The reasons for this doubt are:
- Portrait of a Man was completed in 1433 while the Portrait of Margaret van Eyck was painted in 1439.
- The portrait of his wife is significantly larger than his presumed self-portrait.
- There was another confirmed portrait of Jan van Eyck which is now lost.
The final mention of the confirmed self-portrait by Jan van Eyck was made in 1769. It has disappeared from the face of the Earth ever since and many scholars believe this was the actual pendant of this portrait of Margaret.
6. The painting remained obscure until at least the 18th century
It’s hard to believe today but the Flemish Primitives were nearly completely forgotten by the 18th and 19th centuries. This is remarkable because even renowned art historian Giorgio Vasari (1511-1574) had credited Jan van Eyck as being “the inventor of oil painting.”
While this wasn’t exactly true, it was still a remarkable statement to make in the 16th century. Regardless, many of his works disappeared into obscurity the following centuries, including the Portrait of Margaret van Eyck.
The work had sunken so low that it was put for sale on a Belgian fish market in the late 18th century. This was followed by several erroneous attributions afterward until the magnificent works of the famous Early Netherlandish painters were finally rediscovered and given the credit they deserve.
7. How big is the Portrait of Margaret van Eyck by Jan van Eyck?
The painting remains in mint condition today, although it was thoroughly cleaned by experts from the National Gallery in London in the year 1998. It’s significantly larger than the self-portrait of Jan van Eyck which has dimensions of just 25.5 × 19 centimeters (10.03 x 7.48 inches).
The Portrait of Margaret van Eyck is nearly double in size as it has dimensions of 41.2 x 34.6 centimeters (16.22 x 13.62 inches).

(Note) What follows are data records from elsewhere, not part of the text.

Lemma match_XY_hom x x' y y' : match_XY x y -> match_XY x' y' ->
  (x = x' <-> y = y') -> rho x x' -> sigma y y'.
Proof.
  pose proof ERho as [Rrefl [Rsym Rtr]]. pose proof ESigma as [Srefl [Ssym Str]].
  intros Hm Hm' Hinj Hxx'.
  destruct Hm as [[Hx Hy]|[[n [Hn [Hx Hy]]]|[Hx _]]].
  - destruct Hm' as [[Hx' Hy']|[[m [_ [Hx' _]]]|[Hx' _]]]; [eauto| |];
      exfalso; exact (unbounded_not_size rho ERho x0 x' _ HX0 (Rtr _ _ _ Hx Hxx') Hx').
  - apply (std_size_unique sigma GY n); auto.
    apply (match_XY_size x' y' n Hn Hm'). now apply (class_size_rel rho ERho n x).
  - assert (x' = x) by exact (class_size_1_eq rho x x' Hx Hxx' (Rrefl x)).
    subst x'. replace y' with y by (apply Hinj; reflexivity). apply Srefl.
Qed.

Lemma match_YX_hom y y' x x' : match_YX y x -> match_YX y' x' ->
  (y = y' <-> x = x') -> sigma y y' -> rho x x'.
Proof.
  pose proof ERho as [Rrefl [Rsym Rtr]]. pose proof ESigma as [Srefl [Ssym Str]].
  intros Hm Hm' Hinj Hyy'.
  destruct Hm as [[Hy Hx]|[[|[|n]] [Hn [Hy Hx]]]]; [|lia| |].
  - destruct Hm' as [[_ Hx']|[m [_ [Hy' _]]]]; [eauto|exfalso].
    destruct Hy as [Hy|Hy];
      [exact (unbounded_not_size sigma ESigma y1 y' m HY1 (Str _ _ _ Hy Hyy') Hy')
      | exact (unbounded_not_size sigma ESigma y2 y' m HY2 (Str _ _ _ Hy Hyy') Hy')].
  - assert (y' = y) by exact (class_size_1_eq sigma y y' Hy Hyy' (Srefl y)).
    subst y'. replace x' with x by (apply Hinj; reflexivity). apply Rrefl.
  - apply (std_size_unique rho GX (S (S n))); [lia|auto|].
    apply (match_YX_size y' x' (S (S n))); [lia|auto|].
    now apply (class_size_rel sigma ESigma _ y).
Qed.

Lemma match_XY_forth : forth_closed match_XY.
Proof.
  intros L x HL Hx.
  destruct (unbounded_or_size rho x (proj1 ERho x)) as [Hxu|[[|[|n]] [Hn Hxs]]]; [|lia| |].
  - destruct (exists_fresh sigma _ y1 (map snd L) (HY1 (S (length (map snd L)))))
      as [y [Hy Hfresh]]; auto.
    exists y. split; auto. left; auto.
  - destruct (std_singleton sigma GY (map snd L)) as [y [Hy Hfresh]].
    exists y. split; auto. right; right; auto.
  - destruct (fresh_same_size rho sigma match_XY L x (S (S n)) GX GY match_XY_size HL Hx)
      as [y [Hfresh Hy]]; [lia|auto|].
    exists y. split; auto. right; left. exists (S (S n)). split; [lia|auto].
Qed.

Lemma match_XY_back : forth_closed (fun y x => match_XY x y).
Proof.
  intros L y HL Hy.
  destruct (unbounded_or_size sigma y (proj1 ESigma y)) as [Hyu|[[|[|n]] [Hn Hys]]]; [|lia| |].
  - destruct (HYinf y Hyu) as [Hy1|Hy2].
    + destruct (exists_fresh rho _ x0 (map snd L) (HX0 (S (length (map snd L)))))
        as [x [Hx Hfresh]]; auto.
      exists x. split; auto. left; auto.
    + destruct (std_singleton rho GX (map snd L)) as [x [Hx Hfresh]].
      exists x. split; auto. right; right; auto.
  - destruct (std_singleton rho GX (map snd L)) as [x [Hx Hfresh]].
    exists x. split; auto. right; right; auto.
  - destruct (fresh_same_size sigma rho (fun y x => match_XY x y) L y (S (S n)) GY GX)
      as [x [Hfresh Hx]]; auto; [|lia|].
    { intros y' x' m Hm Hxy. symmetry. now apply match_XY_size. }
    exists x. split; auto. right; left. exists (S (S n)). split; [lia|auto].
Qed.

Lemma match_YX_forth : forth_closed match_YX.
Proof.
  intros L y HL Hy.
  destruct (unbounded_or_size sigma y (proj1 ESigma y)) as [Hyu|[[|[|n]] [Hn Hys]]]; [|lia| |].
  - destruct (exists_fresh rho _ x0 (map snd L) (HX0 (S (length (map snd L)))))
      as [x [Hx Hfresh]]; auto.
    exists x. split; auto. left; auto.
  - destruct (std_singleton rho GX (map snd L)) as [x [Hx Hfresh]].
    exists x. split; auto. right. exists 1; auto.
  - destruct (fresh_same_size sigma rho match_YX L y (S (S n)) GY GX match_YX_size HL Hy)
      as [x [Hfresh Hx]]; [lia|auto|].
    exists x. split; auto. right. exists (S (S n)). split; [lia|auto].
Qed.

Lemma match_YX_back : forth_closed (fun x y => match_YX y x).
Proof.
  intros L x HL Hx.
  destruct (unbounded_or_size rho x (proj1 ERho x)) as [Hxu|[[|[|n]] [Hn Hxs]]]; [|lia| |].
  - destruct (exists_fresh sigma _ y1 (map snd L) (HY1 (S (length (map snd L)))))
      as [y [Hy Hfresh]]; auto.
    exists y. split; auto. left; auto.
  - destruct (std_singleton sigma GY (map snd L)) as [y [Hy Hfresh]].
    exists y. split; auto. right. exists 1; auto.
  - destruct (fresh_same_size rho sigma (fun x y => match_YX y x) L x (S (S n)) GX GY)
      as [y [Hfresh Hy]]; auto; [|lia|].
    { intros x' y' m Hm Hyx. symmetry. now apply match_YX_size. }
    exists y. split; auto. right. exists (S (S n)). split; [lia|auto].
Qed.

Lemma positive_equivalence : pos_equiv rho sigma.
Proof.
  intros p Hs Hp. split.
  - exact (positive_sentence_transfer rho sigma match_XY match_XY_hom
             match_XY_forth match_XY_back p Hs Hp).
  - exact (positive_sentence_transfer sigma rho match_YX match_YX_hom
             match_YX_forth match_YX_back p Hs Hp).
Qed.

End PositiveEquivalence.

(** * Condensations *)

Lemma countable_of_lists {A} (P : A -> Prop) (enum : nat -> list A) :
  (forall x, P x -> exists n, In x (enum n)) ->
  exists g : A -> nat, forall x x', P x -> P x' -> g x = g x' -> x = x'.
Proof.
  intros Henum.
  set (pos x := epsilon (inhabits (0, 0)) (fun nk => nth_error (enum (fst nk)) (snd nk) = Some x)).
  assert (Hpos : forall x, P x -> nth_error (enum (fst (pos x))) (snd (pos x)) = Some x).
  { intros x Hx. apply (epsilon_spec (inhabits (0, 0))
      (fun nk => nth_error (enum (fst nk)) (snd nk) = Some x)).
    destruct (Henum x Hx) as [n Hn]. destruct (In_nth_error _ _ Hn) as [k Hk].
    now exists (n, k). }
  exists (fun x => Cantor.to_nat (pos x)). intros x x' Hx Hx' Heq.
  apply (f_equal Cantor.of_nat) in Heq. rewrite !Cantor.cancel_of_to in Heq.
  pose proof (Hpos x Hx) as E. rewrite Heq, (Hpos x' Hx') in E. now injection E.
Qed.

Lemma finite_part_countable {A} (R : A -> A -> Prop) :
  standard R -> countably_infinite (singleton_pts R) ->
  exists g : A -> nat, forall x x', (exists n, class_size R n x) -> (exists n, class_size R n x') ->
    g x = g x' -> x = x'.
Proof.
  intros HR [f [_ Hsurj]]. pose proof (std_equiv R HR) as [Rrefl _].
  assert (Hlists : forall n, exists l, 2 <= n -> forall w, class_size R n w -> In w l).
  { intro n. destruct (le_lt_dec 2 n) as [Hn|Hn]; [|exists []; lia].
    destruct (std_size R HR n Hn) as [z Hz]. destruct (class_size_list R n z Hz) as [l [_ [_ Hl]]].
    exists l. intros _ w Hw. apply Hl, (std_size_unique R HR n); auto. }
  destruct (choice _ Hlists) as [l Hl].
  apply (countable_of_lists _ (fun n => proj1_sig (f n) :: l n)).
  intros x [[|[|n]] Hx].
  - exfalso. apply (proj2 Hx), class_ge_1, Rrefl.
  - assert (Hsingle : forall y, R x y -> y = x) by (intros y Hy; exact (class_size_1_eq R x y Hx Hy (Rrefl x))).
    destruct (Hsurj (exist _ x Hsingle)) as [k Hk]. exists k. left. now rewrite Hk.
  - exists (S (S n)). right. apply Hl; auto; lia.
Qed.
Lemma flipping_cycle_of_edge_off_ab e :
  e \in off_ab -> exists2 E, E \in F & E :&: P = [set e].
Proof.
rewrite in_setD in_setU negb_or => /andP [/andP [nfa nfb] eP].
have [i [j [lt_i wj rank_j e_ij]]] := chain_edge_inv size_w eP.
move: nfa nfb; rewrite !inE eP e_ij !edge_flipsE /= => ja jb.
have ik : i != k by rewrite -rank_j star_rank_neq.
have ik1 : i != k.+1 by rewrite -rank_j -star_rank_b star_rank_neq.
have [m [c [cab lt_m ym ym1]]] := child_vert_shift lt_i ik ik1.
have cj : c != j by case/orP: cab => /eqP ->; rewrite eq_sym.
have e'P' : edge (y m) j \in P'.
  by have := chain_edge_succ n lt_m; rewrite ym1 (vert_succ size_w wj rank_j) flipC -ym.
have eP' : edge (flip (y m) c) j \in P by rewrite ym flipK -e_ij.
have [sqF sqP] := square_flipping_cycle chain_child_disjoint cj eP' e'P'.
by exists (square (y m) j c); rewrite // sqP ym flipK -e_ij.
Qed.

Lemma card_edges_off_ab : #|off_ab| = nstars w - 2.
Proof.
have sub c : flip_edges w c \subset P by apply/subsetP => e; rewrite inE => /andP [].
rewrite cardsD (setIidPr _) ?subUset ?sub // (card_chain_edges size_w).
rewrite !flip_edges_star // cards2.
suff -> : edge (x k) a != edge (x (star_rank w b)) b by [].
by apply: contraTneq lt_ab => /edge_dir_inj ->; rewrite ltnn.
Qed.

Lemma card_flipping_cycles : #|F| = nstars w - 2.
Proof.
have inj := flipping_cycle_setI_inj chain_child_disjoint (chain_edges_flip_once size_child).
rewrite -card_edges_off_ab -(card_in_imset inj) -[#|off_ab|](card_imset _ set1_inj).
suff -> : [set E :&: P | E in F] = [set [set e] | e in off_ab] by [].
apply/setP => S; apply/imsetP/imsetP => [[E] | [e e_off ->]].
  by case/flipping_cycle_setI_off_ab => e e_off -> ->; exists e.
by have [E EF EPe] := flipping_cycle_of_edge_off_ab e_off; exists E.
Qed.

Lemma bigcup_flipping_cycles : \bigcup_(E in F) (E :&: P) = off_ab.
Proof.
apply/setP => e; apply/bigcupP/idP => [[E] | e_off].
  by case/flipping_cycle_setI_off_ab => e' e'_off -> /set1P ->.
by have [E EF EPe] := flipping_cycle_of_edge_off_ab e_off; exists E; rewrite // EPe set11.
Qed.

End Child.

Theorem lemma12 (n h : nat) (w w' : seq (option bool)) (a b : 'I_n) :
  gk_chain n h w -> child_at w w' a b ->
  let F := flipping_cycles (chain_edges n w) (chain_edges n w') in
  [/\ #|F| = h - 2,
      {in F &, forall E1 E2, E1 != E2 ->
         [disjoint E1 :&: chain_edges n w & E2 :&: chain_edges n w]},
      {in F &, forall E1 E2, E1 != E2 ->
         [disjoint E1 :&: chain_edges n w' & E2 :&: chain_edges n w']} &
      \bigcup_(E in F) (E :&: chain_edges n w) =
        chain_edges n w :\: (flip_edges w a :|: flip_edges w b)].
Proof.
move=> [size_w [us [size_us _ wE]]] [/andP [lt_ab lt_bw] wa wb w_between w'E] F.
have nthE j : j < size w -> nth (Some false) w j = nth None w j by apply: set_nth_default.
have lt_aw := ltn_trans lt_ab lt_bw.
rewrite nthE // in wa; rewrite nthE // in wb.
have {}w_between j : a < j < b -> nth None w j != None.
  by move=> /[dup] /andP [_ lt_jb] /w_between; rewrite nthE // (ltn_trans lt_jb).
have disj := chain_child_disjoint size_w lt_ab wa wb w_between w'E.
have size_w' := size_child size_w w'E.
split.
- by rewrite (card_flipping_cycles size_w lt_ab wa wb w_between w'E) wE nstars_gk_word size_us.
- exact: flipping_cycles_disjointl disj (chain_edges_flip_once size_w').
- exact: flipping_cycles_disjointr disj (chain_edges_flip_once size_w).
- exact: (bigcup_flipping_cycles size_w lt_ab wa wb w_between w'E).
Qed.
(* Assume the standing assumptions in the context. Let $S\subseteq S^*$, $i\in[d]\setminus S$, $n\ge2$, and let $\beta\in\mathbb{R}^d$ be deterministic with $\mathrm{supp}(\beta)\subseteq S$ and $\|\beta\|_2\le 2/\sqrt\rho$. Let $(X_j,Y_j)_{j\in[n]}$ be i.i.d. copies of $(x,y)$, $U_j=|X_{j,i}(X_j^\top\beta-Y_j)|$, and $\tilde V_{i,n}=\frac{1}{n(n-1)}\sum_{1\le l<j\le n}(U_j-U_l)^2$. Then $$\mathbb{E}[\tilde V_{i,n}]\le 20\frac{LM^2}{\rho}.$$
   Context: Standing assumptions: $(x,y)$ random with $x\in\mathbb{R}^d$, $y\in\mathbb{R}$; $\mathbb{E}[x]=0$; $y=\langle\beta^*,x\rangle+\epsilon$ with $\mathbb{E}[\epsilon\mid x]=0$; $S^*=\mathrm{supp}(\beta^* )$, $s^*=|S^*|$; $\Sigma$ the covariance of $x$, $\Sigma_F$ its principal submatrix on $F$; there are $0<\rho\le L$ with all eigenvalues of $\Sigma_F$ in $[\rho,L]$ for all $|F|=s^*$; $|y|<1$ and $\|x\|_\infty<M$ almost surely. $X_{j,i}$ is the $i$-th coordinate of $X_j$. *)

From HB Require Import structures.
From mathcomp Require Import all_boot all_order all_algebra.
From mathcomp Require Import all_classical all_reals all_analysis.
Set Implicit Arguments. Unset Strict Implicit. Unset Printing Implicit Defensive.
Import Order.TTheory GRing.Theory Num.Theory.
Local Open Scope classical_set_scope.
Local Open Scope ring_scope.

(* The random vector x : T -> R^d, encoded coordinatewise, packed as a d-tuple
   (d.-tuple R carries MathComp-Analysis' product sigma-algebra). *)
Definition vec_of {T : Type} {R : Type} (d : nat) (x : 'I_d -> T -> R)
  : T -> d.-tuple R := fun w => [tuple x k w | k < d].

8. Where is the painting located today?
The painting still resides in the city that the couple lived in during the 1430s, Bruges in Belgium. It can be found at the Groeningemuseum which features a large collection of Early Netherlandish paintings, as well as works by both Renaissance and Baroque masters.
It’s also the home of another masterpiece by Jan van Eyck called “The Madonna with Canon van der Paele” (1436), an astounding work of art that makes visiting this museum a must while you’re in this remarkable medieval city in Belgium.